**Records excerpted from a collection:**
________________________________________
(* Let $1<\alpha<2$, $h>0$, and let $G:\mathbb{R}\to\mathbb{R}$ be continuous. Let $(x_n)_{n\ge0}$ be a real sequence of one of the following three kinds: (a) (Caputo universal fractional map) for constants $b_0,b_1\in\mathbb{R}$, $$x_{n+1}=b_0+b_1h(n+1)-\frac{h^{\alpha}}{\Gamma(\alpha)}\sum_{k=0}^{n}G(x_k)\,(n-k+1)^{\alpha-1},\quad n\ge0;$$ (b) (Caputo $h$-difference universal map) for constants $c_0,c_1\in\mathbb{R}$, $$x_{n+1}=c_0+c_1h(n+1)-\frac{h^{\alpha}}{\Gamma(\alpha)}\sum_{s=0}^{n-1}\frac{\Gamma(n-s-1+\alpha)}{\Gamma(n-s)}\,G(x_{s+1}),\quad n\ge0;$$ (c) (Riemann–Liouville universal fractional map) for a constant $c_1\in\mathbb{R}$, $$x_{n}=\frac{c_1}{\Gamma(\alpha)}(nh)^{\alpha-1}-\frac{h^{\alpha}}{\Gamma(\alpha)}\sum_{k=0}^{n-1}(n-k)^{\alpha-1}G(x_k),\quad n\ge1.$$ Set $U(n)=n^{\alpha-1}$ in cases (a),(c) and $U(n)=\Gamma(n+\alpha-1)/\Gamma(n)$ in case (b), for $n\ge1$, with $U(0)=0$, and define the convergent series $$\tilde W_\alpha=\sum_{n=1}^{\infty}(-1)^{n+1}\bigl[U(n)-U(n-1)\bigr].$$ Suppose the limits $x_o=\lim_{n\to\infty}x_{2n+1}$ and $x_e=\lim_{n\to\infty}x_{2n}$ exist in $\mathbb{R}$ (an asymptotic period-two sink). Then $$G(x_o)+G(x_e)=0,\qquad x_o-x_e=\frac{\tilde W_\alpha}{2\Gamma(\alpha)}\,h^{\alpha}\bigl[G(x_o)-G(x_e)\bigr].$$
   Context: Here $G=G_K$ is the nonlinearity of the map and $\Gamma$ is the gamma function. In case (a) the first sum term at $k=n$ equals $G(x_n)$; in case (b) the kernel is the falling factorial $(n-s-2+\alpha)^{(\alpha-1)}=\Gamma(n-s-1+\alpha)/\Gamma(n-s)$. *)

From Stdlib Require Import Reals List.
From Coquelicot Require Import Coquelicot.
Open Scope R_scope.

(* Euler Gamma function, for s > 0: Gamma(s) = int_0^oo t^(s-1) e^(-t) dt
   (improper Riemann integral; only used at positive arguments). *)
Definition Gamma (s : R) : R :=
  RInt_gen (fun t => Rpower t (s - 1) * exp (- t)) (at_right 0) (Rbar_locally p_infty).

Definition fsum (m : nat) (f : nat -> R) : R :=
  fold_right Rplus 0 (map f (seq 0 m)).

Inductive map_kind := CaputoMap | HDiffMap | RLMap.

Definition caputo_map (alpha h b0 b1 : R) (G : R -> R) (x : nat -> R) : Prop :=
  forall n : nat,
    x (S n) = b0 + b1 * h * INR (S n)
      - Rpower h alpha / Gamma alpha
        * fsum (S n) (fun k => G (x k) * Rpower (INR (n - k + 1)) (alpha - 1)).
Lemma injection_of_infinite (C : J -> Prop) :
  (forall l : list J, exists j, C j /\ ~ In j l) ->
  exists e : nat -> J, Injective e /\ forall a, C (e a).
Proof.
  intros Hinf.
  destruct (choice _ Hinf) as [pick Hpick].
  set (prefix := fix prefix n := match n with 0 => [] | S n => pick (prefix n) :: prefix n end).
  assert (earlier : forall a b, a < b -> In (pick (prefix a)) (prefix b)).
  { intros a b Hab. induction b as [|b IH]; [lia|].
    destruct (Nat.eq_dec a b) as [->|ne]; [left; reflexivity|].
    right. apply IH. lia. }
  exists (fun n => pick (prefix n)). split; [|intros a; apply Hpick].
  intros a b E. destruct (lt_eq_lt_dec a b) as [[lt|eq]|gt]; auto; exfalso.
  - apply (proj2 (Hpick (prefix b))). rewrite <- E. apply earlier, lt.
  - apply (proj2 (Hpick (prefix a))). rewrite E. apply earlier, gt.
Qed.

Lemma injection_of_finite (P : J -> Prop) (l : list J) :
  (forall j, P j -> In j l) ->
  exists c : J -> nat, forall a b, P a -> P b -> c a = c b -> a = b.
Proof.
  intros Hl.
  destruct (choice (fun j i => P j -> nth_error l i = Some j)) as [c Hc].
  { intros j. destruct (classic (P j)) as [Pj|nPj].
    - destruct (In_nth_error _ _ (Hl j Pj)) as [i Hi]. exists i; auto.
    - exists 0. tauto. }
  exists c. intros a b Pa Pb E.
  pose proof (Hc a Pa) as Ha. rewrite E, (Hc b Pb) in Ha. injection Ha; auto.
Qed.

Lemma maximal_pairing_cofinite (M : J * nat * J -> Prop) :
  pairing M ->
  (forall R, (forall t, M t -> R t) -> pairing R -> forall t, R t -> M t) ->
  exists l, forall j, ~ pairing_dom M j -> In j l.
Proof.
  intros HM Mmax. apply NNPP. intros Hinf.
  destruct (injection_of_infinite (fun j => ~ pairing_dom M j)) as [e [einj eout]].
  { intros l. apply NNPP. intros Hl. apply Hinf. exists l. intros j Hj.
    apply NNPP. intros Hjl. apply Hl. exists j. auto. }
  set (E := fun t => exists a k, t = ((e a, k), e (to_nat (a, k)))).
  assert (HME : pairing (fun t => M t \/ E t)).
  { apply pairing_union; [exact HM | exact (pairing_of_injection e einj) |].
    intros j Mj [k [y [a [k' Ej]]]]. injection Ej as -> _ _. exact (eout a Mj). }
  apply (eout 0). exists 0, (e (to_nat (0, 0))).
  apply (Mmax _ (fun t Mt => or_introl Mt) HME). right. exists 0, 0. reflexivity.
Qed.

Lemma countable_or_absorbs_nat :
  (exists h : J -> nat, Injective h) \/ (exists g : J * nat -> J, Injective g).
Proof.
  destruct (@classical_sets.Zorn_bigcup (J * nat * J) pairing) as [M [HM Mmax]].
  { intros F FP Ftot. apply pairing_chain_union; [exact FP|].
    intros R R' FR FR'. exact (Ftot R R' FR FR'). }
  destruct (maximal_pairing_cofinite M HM) as [l Hl].
  { intros R MR HR t Rt. apply NNPP. intros nMt. apply (Mmax R); [split|]; auto. }
  destruct (injection_of_finite (fun j => ~ pairing_dom M j) l Hl) as [c cinj].
  destruct HM as [Mfun [Minj [Mdom _]]].
  destruct (classic (exists d, pairing_dom M d)) as [[d Md]|empty].
  - right.
    destruct (choice (fun (p : J * nat) y => pairing_dom M (fst p) -> M (p, y))) as [psi Hpsi].
    { intros [j k]. destruct (classic (pairing_dom M j)) as [Mj|nMj].
      - destruct (Mdom j k Mj) as [y ?]. exists y; auto.
      - exists d. simpl. tauto. }
    assert (psi_inj : forall p q, pairing_dom M (fst p) -> pairing_dom M (fst q) ->
                        psi p = psi q -> p = q).
    { intros p q Mp Mq E. apply (Minj _ _ (psi q)); [rewrite <- E|]; auto. }
    (* Odd second coordinates code [pairing_dom M × nat], even ones its finite complement. *)
    exists (fun p : J * nat => let (j, k) := p in
      if excluded_middle_informative (pairing_dom M j) then psi (j, 2 * k + 1)
      else psi (d, 2 * to_nat (c j, k))).
    intros [j k] [j' k'].
    destruct (excluded_middle_informative (pairing_dom M j)) as [Mj|nMj];
    destruct (excluded_middle_informative (pairing_dom M j')) as [Mj'|nMj'];
    intros E; apply psi_inj in E; auto;
    pose proof (f_equal snd E) as Ek; cbn [snd] in Ek; try lia.
    + injection E as -> _. f_equal. lia.
    + assert (Ec : to_nat (c j, k) = to_nat (c j', k')) by lia.
      apply (f_equal of_nat) in Ec. rewrite !cancel_of_to in Ec. injection Ec as Ec ->.
      rewrite (cinj j j' nMj nMj' Ec). reflexivity.
  - left. exists c. intros a b. apply cinj; intros Ma; apply empty; eauto.
Qed.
________________________________________
**The task:** From the records above, print only the lines between the one holding "exists c : J" and the one holding "destruct HM as [Mfun [Minj [Mdom _]]].", inclusive, exactly as they stand.

**Response for this exercise:**
  exists c : J -> nat, forall a b, P a -> P b -> c a = c b -> a = b.
Proof.
  intros Hl.
  destruct (choice (fun j i => P j -> nth_error l i = Some j)) as [c Hc].
  { intros j. destruct (classic (P j)) as [Pj|nPj].
    - destruct (In_nth_error _ _ (Hl j Pj)) as [i Hi]. exists i; auto.
    - exists 0. tauto. }
  exists c. intros a b Pa Pb E.
  pose proof (Hc a Pa) as Ha. rewrite E, (Hc b Pb) in Ha. injection Ha; auto.
Qed.

Lemma maximal_pairing_cofinite (M : J * nat * J -> Prop) :
  pairing M ->
  (forall R, (forall t, M t -> R t) -> pairing R -> forall t, R t -> M t) ->
  exists l, forall j, ~ pairing_dom M j -> In j l.
Proof.
  intros HM Mmax. apply NNPP. intros Hinf.
  destruct (injection_of_infinite (fun j => ~ pairing_dom M j)) as [e [einj eout]].
  { intros l. apply NNPP. intros Hl. apply Hinf. exists l. intros j Hj.
    apply NNPP. intros Hjl. apply Hl. exists j. auto. }
  set (E := fun t => exists a k, t = ((e a, k), e (to_nat (a, k)))).
  assert (HME : pairing (fun t => M t \/ E t)).
  { apply pairing_union; [exact HM | exact (pairing_of_injection e einj) |].
    intros j Mj [k [y [a [k' Ej]]]]. injection Ej as -> _ _. exact (eout a Mj). }
  apply (eout 0). exists 0, (e (to_nat (0, 0))).
  apply (Mmax _ (fun t Mt => or_introl Mt) HME). right. exists 0, 0. reflexivity.
Qed.

Lemma countable_or_absorbs_nat :
  (exists h : J -> nat, Injective h) \/ (exists g : J * nat -> J, Injective g).
Proof.
  destruct (@classical_sets.Zorn_bigcup (J * nat * J) pairing) as [M [HM Mmax]].
  { intros F FP Ftot. apply pairing_chain_union; [exact FP|].
    intros R R' FR FR'. exact (Ftot R R' FR FR'). }
  destruct (maximal_pairing_cofinite M HM) as [l Hl].
  { intros R MR HR t Rt. apply NNPP. intros nMt. apply (Mmax R); [split|]; auto. }
  destruct (injection_of_finite (fun j => ~ pairing_dom M j) l Hl) as [c cinj].
  destruct HM as [Mfun [Minj [Mdom _]]].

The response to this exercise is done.